# San Fran to OZ pt1 Marquesas



## SimonV (Jul 6, 2006)

Small flying fish and squid had to be picked off the deck each morning



























Squalls surrounding the boat you never knew which one would move towards the boat









Doldrums (not oil but reflections of the clouds)


----------



## KODAD (Jan 9, 2008)

Great pics, Simon. And congrats on a successful crossing. What was your sleep schedule like on this cruise?


----------



## SimonV (Jul 6, 2006)

Land Ho. First sighting of land Hiva Oa



































Dinner


















This Cruise ship came in so on went the good shirt and shorts and I joined them on the island tour. There was no head count.






















































Even here TV rules



























Time to leave the harbour


----------



## bubb2 (Nov 9, 2002)

Thanks, Simon


----------



## SimonV (Jul 6, 2006)

KODAD said:


> Great pics, Simon. And congrats on a successful crossing. What was your sleep schedule like on this cruise?


When I needed sleep, I set the radar alarm. I got good regular sleep except if there was traffic or squalls as these set off the alarm and there was no point sleeping then.


----------



## sailingdog (Mar 19, 2006)

Simon-

Beautiful photos...  How did the Dutchman Boom Brake work out on the trip for you??


----------



## SimonV (Jul 6, 2006)

Hi SD. even though on one occasion it ripped a block off the toe rail in a down wind jibe I would recomend one to everyone. Maybe should not be used as a preventer a lighter line would have saved the block and the break would have slowed the boom down.


----------



## sailingdog (Mar 19, 2006)

Need better backing plates for the blocks. 



SimonV said:


> Hi SD. even though on one occasion it ripped a block off the toe rail in a down wind jibe I would recomend one to everyone. Maybe should not be used as a preventer a lighter line would have saved the block and the break would have slowed the boom down.


----------



## camaraderie (May 22, 2002)

Thanks Simon...great pix. Looking forward to more as you have time.


----------



## CharlieCobra (May 23, 2006)

Nice, looking forward to more. How long to punch through the doldrums?


----------



## emagin (Jun 8, 2007)

Simon, thanks for the pics and congrats on the crossing.
Will you keep your boat or are you selling her?
I am interested to hear more about Ericson 39B as a cruising boat.

Thanks


----------



## KODAD (Jan 9, 2008)

Dinner?---was that the shark or the horses?!![vbg]


----------



## sailortjk1 (Dec 20, 2005)

Nice post Simon, Thanks and congratulations on your successful journey.


----------



## Sapperwhite (Oct 21, 2006)

:thewave:

.....


----------



## xort (Aug 4, 2006)

nice, thanks

where did the lone wave come from?


----------



## SimonV (Jul 6, 2006)

CharlieCobra said:


> Nice, looking forward to more. How long to punch through the doldrums?

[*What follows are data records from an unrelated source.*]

(* Let $\mathcal T\subset\binom{[n]}{3}$ be an intersecting family with $\tau(\mathcal T)=3$. Then $\gamma_1(\mathcal T)\leq 5$, with equality if and only if $\mathcal T$ is isomorphic to $\mathcal T_0$.
   Context: A family is intersecting if any two members intersect. $\tau(\mathcal T)$ is the minimum size of a set meeting every member of $\mathcal T$. $\gamma_1(\mathcal T)=\min_{x\in[n]}|\{T\in\mathcal T: x\notin T\}|$. $\mathcal T_0\subset\binom{[6]}{3}$ is $\{\{1,2,3\},\{1,2,4\},\{3,4,5\},\{3,4,6\},\{1,5,6\},\{2,5,6\},\{1,3,5\},\{2,4,5\},\{1,4,6\},\{2,3,6\}\}$. Isomorphic means equal up to an injective relabeling of vertices. *)

From mathcomp Require Import all_boot.
Set Implicit Arguments. Unset Strict Implicit. Unset Printing Implicit Defensive.

(* Vertex set [n] is represented by 'I_n (vertex i of the paper is i-1). *)

Definition uniform3 n (T : {set {set 'I_n}}) : Prop :=
  forall A, A \in T -> #|A| = 3.

Definition intersecting n (T : {set {set 'I_n}}) : Prop :=
  forall A B, A \in T -> B \in T -> A :&: B != set0.

Definition transversal n (S : {set 'I_n}) (T : {set {set 'I_n}}) : bool :=
  [forall A in T, S :&: A != set0].

(* tau(T): minimum size of a set meeting every member of T
   (default n if there is no such set, which cannot happen for
   families without the empty set, since [set: 'I_n] then works) *)
Definition tau n (T : {set {set 'I_n}}) : nat :=
  \big[minn/n]_(S : {set 'I_n} | transversal S T) #|S|.

Definition gamma1 n (T : {set {set 'I_n}}) : nat :=
  \big[minn/#|T|]_(x : 'I_n) #|[set A in T | x \notin A]|.

(* triple {a,b,c} in [6], using the paper's 1-based labels *)
Definition tr6 (a b c : nat) : {set 'I_6} :=
  [set (inord a.-1 : 'I_6); inord b.-1; inord c.-1].

Definition T0 : {set {set 'I_6}} :=
  [set:: [:: tr6 1 2 3; tr6 1 2 4; tr6 3 4 5; tr6 3 4 6; tr6 1 5 6;
             tr6 2 5 6; tr6 1 3 5; tr6 2 4 5; tr6 1 4 6; tr6 2 3 6]].

Definition iso_T0 n (T : {set {set 'I_n}}) : Prop :=
  exists f : 'I_6 -> 'I_n, injective f /\ T = [set f @: (A : {set 'I_6}) | A in T0].

From Pilot Require Import Defs.
From mathcomp Require Import all_boot.
Set Implicit Arguments. Unset Strict Implicit. Unset Printing Implicit Defensive.
(* Let $0<c<1/2$. Then $$\sum_{i\in\mathrm{OPT}} w(i)\sum_{B\in\mathcal F(i)} c^{\,1+\mathrm{brank}(i,B)}\le\frac{2c}{1-c}\,w(\mathrm{OPT}).$$
   Context: Let $U$ be a finite ground set with weight function $w:U\to\mathbb{R}_{\ge0}$ taking pairwise distinct values; for $X\subseteq U$, $w(X)=\sum_{x\in X}w(x)$. Let $\mathcal F$ be a laminar family of subsets of $U$ (for any $A,B\in\mathcal F$: $A\subseteq B$, $B\subseteq A$, or $A\cap B=\emptyset$) with $U\in\mathcal F$; each $A\in\mathcal F$ has a positive integer capacity $\mu(A)$, with $\mu(A)<\mu(B)$ whenever $A\subsetneq B$. A set $X\subseteq U$ is independent iff $|X\cap A|\le\mu(A)$ for all $A\in\mathcal F$. For $i\in U$, $\mathcal F(i)$ is the set of all members of $\mathcal F$ containing $i$. For $B\in\mathcal F$, $\mathrm{OPT}(B)$ is the maximum-weight independent subset of $B$, and $\mathrm{OPT}=\mathrm{OPT}(U)$. The backward rank $\mathrm{brank}(i,B)$ is the number of elements of $\mathrm{OPT}(B)$ of weight less than $w(i)$. Standing convention of the paper: by padding $U$ with dummy elements of infinitesimal weight, one assumes $|\mathrm{OPT}(B)|=\mu(B)$ for every $B\in\mathcal F$. *)

From HB Require Import structures.
From mathcomp Require Import all_boot all_order all_algebra.
Set Implicit Arguments. Unset Strict Implicit. Unset Printing Implicit Defensive.
Import Order.TTheory GRing.Theory Num.Theory.
Local Open Scope ring_scope.

Section LaminarDefs.
Variables (U : finType) (R : realFieldType).

Definition laminar (F : {set {set U}}) : Prop :=
  forall A B, A \in F -> B \in F ->
    [|| A \subset B, B \subset A | [disjoint A & B]].

Definition wset (w : U -> R) (X : {set U}) : R := \sum_(x in X) w x.
Lemma Yset_unbounded_along_false s xbar (ys : nat -> 'I_m -> R * R) :
  subseq_idx s -> vcvg (xcen \o s) xbar ->
  (dom_all P xbar -> forall p, I2 P p -> dAinf P p xbar = [set 0]) ->
  (forall j, Yset P M (s j) (ys j)) -> (forall j, j.+1%:R < ynorm (ys j)) -> False.
Proof.
move=> ss hc hdA hY hn; have hs := xsol_cvg ss hc.
have hdom := dom_all_of_cvg ss hs; have {}hdA := hdA hdom.
have [u [w huw]] := Yset_seq_choice hY.
have [Bc hBc] : exists B, forall j, vnorm (r_lam M *: (xsol (s j) - xcen (s j))) <= B.
  have [B hB] := rcvg_bounded (rcvg_subseq ss rho_cvg0); exists (r_lam M * B) => j.
  rewrite vnormZ (gtr0_norm lam_gt0) ler_pM2l ?lam_gt0 //.
  exact: le_trans (step_le_rho _) (le_trans (ler_norm _) (hB j)).
have [phi [sphi tau_ge [yh [zh [hy hz hsum hnt]]]]] :=
  normalized_multiplier_limits (fun j => (huw j).2) hBc hn.
have sq := subseq_idx_comp ss sphi; have hcq := vcvg_subseq sphi hc.
have tau0 j : 0 < mult_scale ys u w (phi j) by apply: lt_le_trans (tau_ge j); rewrite ltr0n.
have [y2h y1h] := normalized_mult_limit0
  (fun p => Yset_mult_bounded_along p ss hs hY) (fun j => tau_ge j) hy.
have z2h p : zh p false = 0.
  apply: (down_products_limit0 (p := p) sq hcq) (hdA p) (hz p false) => [j|j|].
  - exact: (Yset_mult p (hY _)).2.
  - exact: ((huw _).1 p).2.
  - by rewrite -(y2h p); exact: hy.
have /choice [yv hyv] p : exists yv : R * vec,
    cq_alternative p xbar yv.1 yv.2 /\ zh p true = yv.1 *: yv.2 /\ (yv.1 = 0 -> yh p true = 0).
  have [y [v [hv1 hv2 hv3]]] := cq_alternative_of_limits sq hcq tau0
    (fun j => (Yset_mult p (hY _)).1) (fun j => ((huw _).1 p).1) (hy p true) (y1h p) (hz p true).
  by exists (y, v).
have y0 p : (yv p).1 = 0.
  apply: (@HA5 xbar hdom (fun q => (yv q).1) (fun q => (yv q).2) (fun q => (hyv q).1)).
  by rewrite -[RHS]hsum; apply: eq_bigr => q _; rewrite z2h addr0 (hyv q).2.1.
apply: hnt => p [|]; last by rewrite y2h z2h.
by have [_ [-> /(_ (y0 p)) ->]] := hyv p; rewrite y0 scale0r.
Qed.

Lemma Yset_bounded_along s : subseq_idx s ->
  (forall phi, subseq_idx phi -> exists psi xbar, [/\ subseq_idx psi,
     vcvg (fun j => r_X M (s (phi (psi j))).+1) xbar &
     dom_all P xbar -> forall p, I2 P p -> dAinf P p xbar = [set 0]]) ->
  exists B, forall j y, Yset P M (s j) y -> ynorm y <= B.
Proof.
move=> ss hsub; apply: contrapT => hn.
have [jj [ys [sjj hys]]] := not_unif_bounded_subseq (fun j => Yset_bounded_at (s j)) hn.
have [psi [xbar [spsi hx hdA]]] := hsub jj sjj.
apply: (Yset_unbounded_along_false (s := s \o jj \o psi) (ys := ys \o psi)) hdA _ _.
- exact: subseq_idx_comp (subseq_idx_comp ss sjj) spsi.
- by apply: vcvg_ext hx => j; rewrite X_succ.
- by move=> j; exact: (hys _).1.
- move=> j; apply: le_lt_trans (hys _).2; rewrite ler_nat ltnS; exact: subseq_idx_ge.
Qed.

End ProxADC.

Unset Implicit Arguments.
Theorem proposition4p5 (R : realType) (n : nat) (P : cp1 R n) (M : adc_run R n (cp_m P))
  (Hm1 : (cp_m1 P <= cp_m P)%N)
  (Hphi : forall p, is_obj P p -> convex_rfun (cp_phi P p))
  (HA1 : Assumption1 P)
  (HA2 : Assumption2 P (r_X M 0) (r_ahat M))
  (HA3 : Assumption3 P (r_ell M))
  (HA4 : Assumption4 P)
  (HA5 : Assumption5 P)
  (HA6 : Assumption6 P (r_sigma M) (r_lam M))
  (Hpar : method_params P M)
  (Hsig : sigma_def P M)
  (Hgen : generated P M) :
  (* (a) *)
  (forall (s : nat -> nat) (xbar : 'rV[R]_n),
     subseq_idx s ->
     vcvg (fun j => r_X M (s j).+1) xbar ->
     (forall p, I2 P p -> dAinf P p xbar = [set 0]) ->
     exists B : R, forall j y, Yset P M (s j) y -> ynorm y <= B) /\
  (* (b) *)
  ((exists B : R, forall k, vnorm (r_X M k) <= B) ->
   (forall x, dom_all P x -> forall p, I2 P p -> dAinf P p x = [set 0]) ->
   exists D : R, forall k y, Yset P M k y -> ynorm y <= D).
Proof.
have bounded_along := Yset_bounded_along Hphi HA1 HA2 HA3 HA5 HA6 Hpar Hsig Hgen.
split.
- move=> s xbar ss hx hI2; apply: bounded_along ss _ => phi sphi.
  by exists id, xbar; split => //; exact: vcvg_subseq sphi hx.
- move=> [B hB] hI2.
  have [D hD] : exists D, forall j y, Yset P M (id j) y -> ynorm y <= D.
    apply: bounded_along (fun j => ltnSn j) _ => phi _.
    have [psi [spsi [xbar hx]]] :=
      bounded_vseq_cvg_subseq (v := fun j => r_X M (phi j).+1) (fun j => hB _).
    by exists psi, xbar; split => //; exact: hI2.
  by exists D.
Qed.
(* Fix an integer $m\geq 2$. Let $\Gamma$ be a distance-regular graph with smallest eigenvalue at least $-m$, valency $k\ge 2$, diameter $D\ge 2$ and intersection number $a_1$. Then $k< m(a_1+m)$.
   Context: A finite connected graph $\Gamma$ with diameter $D$ is distance-regular if there are integers $b_i,c_i$ ($0\le i\le D$) such that for any vertices $x,y$ with $d(x,y)=i$, exactly $c_i$ neighbours of $y$ are at distance $i-1$ from $x$ and exactly $b_i$ neighbours of $y$ are at distance $i+1$ from $x$; its valency is $k=b_0$ and $a_i:=k-b_i-c_i$ (so $a_1$ is the number of common neighbours of two adjacent vertices). The smallest eigenvalue is that of the adjacency matrix. *)

From mathcomp Require Import all_boot all_order all_algebra.
From mathcomp Require Import algC.
Set Implicit Arguments. Unset Strict Implicit. Unset Printing Implicit Defensive.
Import Order.TTheory GRing.Theory Num.Theory.

Section Graphs.
Variable T : finType.
Variable e : rel T.

Definition simple_graph := symmetric e /\ irreflexive e.

Fixpoint ball (n : nat) (x : T) : {set T} :=
  match n with
  | 0 => [set x]
  | n'.+1 => ball n' x :|: [set z | [exists y in ball n' x, e y z]]
  end.

Definition connected_graph := forall x y : T, y \in ball #|T| x.

(* graph distance (the least n with y in ball n x; meaningful when connected) *)
Definition dist (x y : T) : nat :=
  find (fun n => y \in ball n x) (iota 0 #|T|.+1).

Definition diameter : nat := \max_(x : T) \max_(y : T) dist x y.

Definition regular_of_valency (k : nat) := forall x : T, #|[set z | e x z]| = k.

Definition a1_number (a1 : nat) :=
  forall x y : T, e x y -> #|[set z | e x z & e y z]| = a1.

Definition distance_regular :=
  [/\ simple_graph, connected_graph &
   exists b c : nat -> nat, forall (i : nat) (x y : T), dist x y = i ->
     #|[set z | e y z & dist x z == i.-1]| = c i /\
     #|[set z | e y z & dist x z == i.+1]| = b i].

Definition adjmx : 'M[algC]_#|T| :=
  \matrix_(i, j) ((e (enum_val i) (enum_val j))%:R : algC)%R.

End Graphs.

From mathcomp Require Import all_boot all_order all_algebra.
From mathcomp Require Import algC ring.
Set Implicit Arguments. Unset Strict Implicit. Unset Printing Implicit Defensive.
Import Order.TTheory GRing.Theory Num.Theory.
Local Open Scope ring_scope.

(* Since D >= 2 there are vertices x0, y0 at distance 2; let N be the
   neighbourhood of x0 and c >= 1 the number of common neighbours of x0 and y0.
   As the smallest eigenvalue is at least -m, the matrix A + m I is positive
   semidefinite, so its quadratic form is nonnegative at the test vector
   f = k e_x0 - m 1_N + c e_y0.  Counting edges between x0, N and y0 evaluates
   this form to m (k m (a1 + m) - k^2 - c^2), hence k^2 < k^2 + c^2 <= k m (a1 + m). *)

Section HermitianForm.
Local Open Scope sesquilinear_scope.

Lemma hermitian_form_ge0 (C : numClosedFieldType) (n : nat) (A : 'M[C]_n) (c : C) :
  A \is hermsymmx -> (forall t, eigenvalue A t -> - c <= t) ->
  forall v : 'rV_n, 0 <= (v *m A *m v^t*) 0 0 + c * (v *m v^t*) 0 0.
Proof.
move=> hA hev v.
have /orthomx_spectralP Ae := hermitian_normalmx hA.
set P := spectralmx A in Ae; set d := spectral_diag A in Ae.
have Pu : P \is unitarymx by apply: spectral_unitarymx.
have Punit : P \in unitmx by apply: spectral_unit.
have ev i : eigenvalue A (d 0 i).
  apply/eigenvalueP; exists (delta_mx 0 i *m P).
    rewrite [in LHS]Ae !mulmxA mulmxK // -[_ *m diag_mx d]rowE row_diag_mx -scalemxAl //.
  apply/eqP => /(congr1 (mulmx^~ (invmx P))); rewrite mulmxK // mul0mx.
  by move/matrixP/(_ 0 i); rewrite !mxE !eqxx /= => /eqP; rewrite oner_eq0.
set w := v *m P^t*.
have wE : w^t* = P *m v^t* by rewrite /w trmx_mul map_mxM trmxCK.
have formE : v *m A *m v^t* = w *m diag_mx d *m w^t*.
  by rewrite wE Ae invmx_unitary // !mulmxA.
have normE : v *m v^t* = w *m w^t*.
  by rewrite wE mulmxA /w -(mulmxA v) -invmx_unitary // mulVmx // mulmx1.
rewrite formE normE !mxE mulr_sumr -big_split /=.
apply: sumr_ge0 => i _.
rewrite mul_mx_diag !mxE mulrAC (mulrC c) -mulrDr.
apply: mulr_ge0; first exact: mul_conjC_ge0.
by rewrite -[c]opprK subr_ge0 hev.
Qed.

End HermitianForm.

Section Sums.
Variables (T : finType) (R : comNzRingType).

Lemma sum_indicator_in (S : {set T}) (P : pred T) :
  \sum_(x in S) ((P x)%:R : R) = #|[set x in S | P x]|%:R.
Proof.
rewrite -sum1_card natr_sum [RHS]big_mkcond [LHS]big_mkcond /=.
by apply: eq_bigr => x _; rewrite inE; case: (x \in S); case: (P x).
Qed.

Lemma sum_delta_indicator (x0 y0 : T) (S : {set T}) (a b d : R) (F : T -> R) :
  \sum_x (a * (x == x0)%:R - b * (x \in S)%:R + d * (x == y0)%:R) * F x =
  a * F x0 - b * \sum_(x in S) F x + d * F y0.
Proof.
have delta z : \sum_x ((x == z)%:R : R) * F x = F z.
  by rewrite (bigD1 z) //= eqxx mul1r big1 ?addr0 // => x /negbTE ->; rewrite mul0r.
rewrite (eq_bigr (fun x => a * ((x == x0)%:R * F x) - b * ((x \in S)%:R * F x)
                          + d * ((x == y0)%:R * F x))); last by move=> x _; ring.
rewrite big_split sumrB /= -!mulr_sumr !delta [in RHS]big_mkcond /=.
by congr (_ - b * _ + _); apply: eq_bigr => x _; case: (x \in S); rewrite ?mul1r ?mul0r.
Qed.

End Sums.

Section AdjacencyForm.
Local Open Scope sesquilinear_scope.
Variables (T : finType) (e : rel T).
Hypothesis e_sym : symmetric e.

Lemma adjmx_hermsym : adjmx e \is hermsymmx.
Proof.
apply: realsym_hermsym; last by apply/mxOverP => i j; rewrite mxE realn.
by apply/is_hermitianmxP; rewrite expr0 scale1r; apply/matrixP => i j; rewrite !mxE e_sym.
Qed.

Lemma adj_form_ge0 (c : algC) :
  (forall t, eigenvalue (adjmx e) t -> - c <= t) ->
  forall f : T -> algC, (forall x, f x \is Num.real) ->
  0 <= \sum_y (\sum_x f x * (e x y)%:R) * f y + c * \sum_x f x ^+ 2.
Proof.
move=> ev_ge f f_real; pose v : 'rV_#|T| := \row_i f (enum_val i).
have vC : v^t* = v^T by apply/matrixP => i j; rewrite !mxE conj_Creal.
have sum_enum (F : T -> algC) : \sum_(i < #|T|) F (enum_val i) = \sum_x F x.
  by rewrite -(big_enum_val F).
have := hermitian_form_ge0 adjmx_hermsym ev_ge v.
rewrite vC !mxE -(sum_enum (fun y => (\sum_x f x * (e x y)%:R) * f y)).
rewrite -(sum_enum (fun x => f x ^+ 2)).
congr (0 <= _ + c * _); apply: eq_bigr => j _; rewrite !mxE ?expr2 //.
by rewrite -sum_enum; congr (_ * _); apply: eq_bigr => i _; rewrite !mxE.
Qed.

End AdjacencyForm.

Section TestVector.
Variables (T : finType) (e : rel T) (k a1 m : nat) (x0 y0 : T).
Hypotheses (e_sym : symmetric e) (e_irr : irreflexive e).
Hypotheses (e_reg : regular_of_valency e k) (e_a1 : a1_number e a1).
Hypotheses (neq_x0y0 : x0 != y0) (nadj_x0y0 : ~~ e x0 y0).

Let N := [set y | e x0 y].
Let c := #|[set y in N | e y0 y]|.

Definition test_vector (x : T) : algC :=
  k%:R * (x == x0)%:R - m%:R * (x \in N)%:R + c%:R * (x == y0)%:R.

Let x0_notin_N : x0 \notin N.
Proof. by rewrite inE e_irr. Qed.

Let y0_notin_N : y0 \notin N.
Proof. by rewrite inE. Qed.

Let card_N : #|N| = k.
Proof. by rewrite -(e_reg x0). Qed.

Lemma test_vector_real x : test_vector x \is Num.real.
Proof. by rewrite ?(rpredD, rpredN, rpredM, realn). Qed.

Lemma test_vector_sq_sum :
  \sum_x test_vector x ^+ 2 = (k * k + m * m * k + c * c)%:R.
Proof.
have test_vector_N x : x \in N -> test_vector x = - m%:R.
  move=> xN; have /memPn/(_ x xN)/negbTE nx0 := x0_notin_N.
  have /memPn/(_ x xN)/negbTE ny0 := y0_notin_N.
  by rewrite /test_vector xN nx0 ny0 /=; ring.
under eq_bigr do rewrite expr2.
rewrite sum_delta_indicator (eq_bigr _ test_vector_N) sumr_const card_N.
rewrite /test_vector eqxx (negbTE x0_notin_N) (negbTE neq_x0y0).
rewrite eq_sym (negbTE neq_x0y0) (negbTE y0_notin_N) eqxx.
by rewrite /= !natrD !natrM -mulr_natr; ring.
Qed.

Lemma test_vector_adj y :
  \sum_x test_vector x * (e x y)%:R =
  k%:R * (e x0 y)%:R - m%:R * #|[set x in N | e x y]|%:R + c%:R * (e y0 y)%:R.
Proof. by rewrite sum_delta_indicator sum_indicator_in. Qed.

Lemma test_vector_form :
  \sum_y (\sum_x test_vector x * (e x y)%:R) * test_vector y
    + m%:R * \sum_x test_vector x ^+ 2
  = m%:R * ((k * (m * (a1 + m)))%:R - (k * k + c * c)%:R).
Proof.
have adj_x0 : [set x in N | e x x0] = N.
  by apply/setP => x; rewrite !inE e_sym andbb.
have adj_y0 : [set x in N | e x y0] = [set y in N | e y0 y].
  by apply/setP => x; rewrite !inE (e_sym x).
have adj_N y : y \in N -> #|[set x in N | e x y]| = a1.
  rewrite inE => /e_a1 <-.
  by apply: eq_card => x; rewrite !inE (e_sym x).
have sum_adj_N : \sum_(y in N) \sum_x test_vector x * (e x y)%:R =
    (k * k)%:R - (m * a1 * k)%:R + (c * c)%:R.
  rewrite (eq_bigr (fun y => (k%:R - m%:R * a1%:R) + c%:R * (e y0 y)%:R)); last first.
    move=> y yN; have e_x0y : e x0 y by rewrite inE in yN.
    by rewrite test_vector_adj adj_N // e_x0y mulr1.
  rewrite big_split /= sumr_const card_N -mulr_sumr sum_indicator_in.
  by rewrite -mulr_natr !natrM; ring.
rewrite test_vector_sq_sum (eq_bigr _ (fun y _ => mulrC _ (test_vector y))).
rewrite sum_delta_indicator sum_adj_N !test_vector_adj adj_x0 adj_y0 card_N.
rewrite !e_irr (negbTE nadj_x0y0) (e_sym y0) (negbTE nadj_x0y0).
by rewrite /= !natrD !natrM; ring.
Qed.

End TestVector.

Section Path2Closed.
Variables (T : finType) (e : rel T).
Hypothesis e_path2_closed : forall x y z, e x z -> e z y -> x = y \/ e x y.

Lemma mem_ball_eq_or_adj n x y : y \in ball e n x -> (y == x) || e x y.
Proof.
elim: n y => [|n IHn] y /=; first by rewrite in_set1 => ->.
rewrite in_setU inE => /orP [/IHn // | /existsP [w /andP [/IHn w_x e_wy]]].
case/orP: w_x => [/eqP <- | e_xw]; first by rewrite e_wy orbT.
by case: (e_path2_closed e_xw e_wy) => [-> | ->]; rewrite ?eqxx ?orbT.
Qed.

Lemma diameter_le1 : connected_graph e -> (diameter e <= 1)%N.
Proof.
move=> e_conn; apply/bigmax_leqP => x _; apply/bigmax_leqP => y _.
have y_ball1 : y \in ball e 1 x.
  rewrite /= in_setU in_set1 inE.
  case/orP: (mem_ball_eq_or_adj (e_conn x y)) => [-> // | e_xy].
  by apply/orP; right; apply/existsP; exists x; rewrite in_set1 eqxx.
rewrite leqNgt; apply/negP => /(before_find 0).
rewrite nth_iota ?y_ball1 // ltnS; apply/card_gt0P; by exists x.
Qed.

End Path2Closed.

Lemma induced_path2_of_diameter (T : finType) (e : rel T) :
  connected_graph e -> (1 < diameter e)%N ->
  exists x y z, [/\ e x z, e z y, x != y & ~~ e x y].
Proof.
move=> e_conn diam_gt1.
case: (boolP [exists x, exists y, exists z, [&& e x z, e z y, x != y & ~~ e x y]]).
  case/existsP => x /existsP [y /existsP [z /and4P [e_xz e_zy nxy nexy]]].
  by exists x, y, z.
move=> /existsPn no_path2.
suff: (diameter e <= 1)%N by rewrite leqNgt diam_gt1.
apply: diameter_le1 e_conn => x y z e_xz e_zy.
case: (eqVneq x y) => [-> | nxy]; [by left | right].
move: (no_path2 x) => /existsPn/(_ y)/existsPn/(_ z).
by rewrite e_xz e_zy nxy /= => /negbNE.
Qed.

Theorem lemma3p2 (m : nat) (T : finType) (e : rel T) (k D a1 : nat) :
  (2 <= m)%N ->
  distance_regular e ->
  (forall theta : algC, eigenvalue (adjmx e) theta -> - (m%:R) <= theta) ->
  regular_of_valency e k -> (2 <= k)%N ->
  diameter e = D -> (2 <= D)%N ->
  a1_number e a1 ->
  (k < m * (a1 + m))%N.
Proof.
move=> m_ge2 [[e_sym e_irr] e_conn _] ev_ge e_reg k_ge2 <- diam_ge2 e_a1.
have [x0 [y0 [z [e_x0z e_zy0 neq_x0y0 nadj_x0y0]]]] :=
  induced_path2_of_diameter e_conn diam_ge2.
set c := #|[set y in [set y | e x0 y] | e y0 y]|.
have c_gt0 : (0 < c)%N by apply/card_gt0P; exists z; rewrite !inE e_x0z e_sym.
have := adj_form_ge0 e_sym ev_ge (test_vector_real e k m x0 y0).
rewrite (test_vector_form m e_sym e_irr e_reg e_a1 neq_x0y0 nadj_x0y0).
rewrite pmulr_rge0 ?ltr0n ?(leq_trans _ m_ge2) // subr_ge0 ler_nat => kc_le.
have k_gt0 : (0 < k)%N by rewrite (leq_trans _ k_ge2).
rewrite -(ltn_pmul2l k_gt0) (leq_trans _ kc_le) // -addn1 leq_add2l.
by rewrite muln_gt0 c_gt0.
Qed.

Charles, I had to deal with the doldrums twice north of 00,00.00 I believe at the point I crossed it, was at its thinnest at about 80 miles; so about 10hrs at 6 knots the current runs at about 1.5 knots.


----------



## CptHank (Aug 6, 2006)

Congratulations!

Great pics and thanks for sharing!


----------



## craigtoo (Aug 17, 2007)

Thanks Simon.. Looking forward to more pictures and tales!

I've enjoyed following your journey.

All the best,
Craig


----------



## Faster (Sep 13, 2005)

Beautiful pictures, Simon, that was one hell of a trip you did there, memories for a lifetime, I'm sure.

Keep 'em comin'!


----------



## CharlieCobra (May 23, 2006)

Simon, I would imagine that the biggest enemy would be boredom out there. That and trying to keep an interesting diet. Was there anything that took you by surprise about the boat or the passage?


----------



## sailhog (Dec 11, 2006)

Well done, Captain Simon! Truly enjoyed following your epic journey, as did everyone else. Get more pictures up at your earliest convenience.
The very best to you!


----------



## retclt (Nov 7, 2006)

What a trip!

Would you do it again Simon?

Thanks for sharing!


----------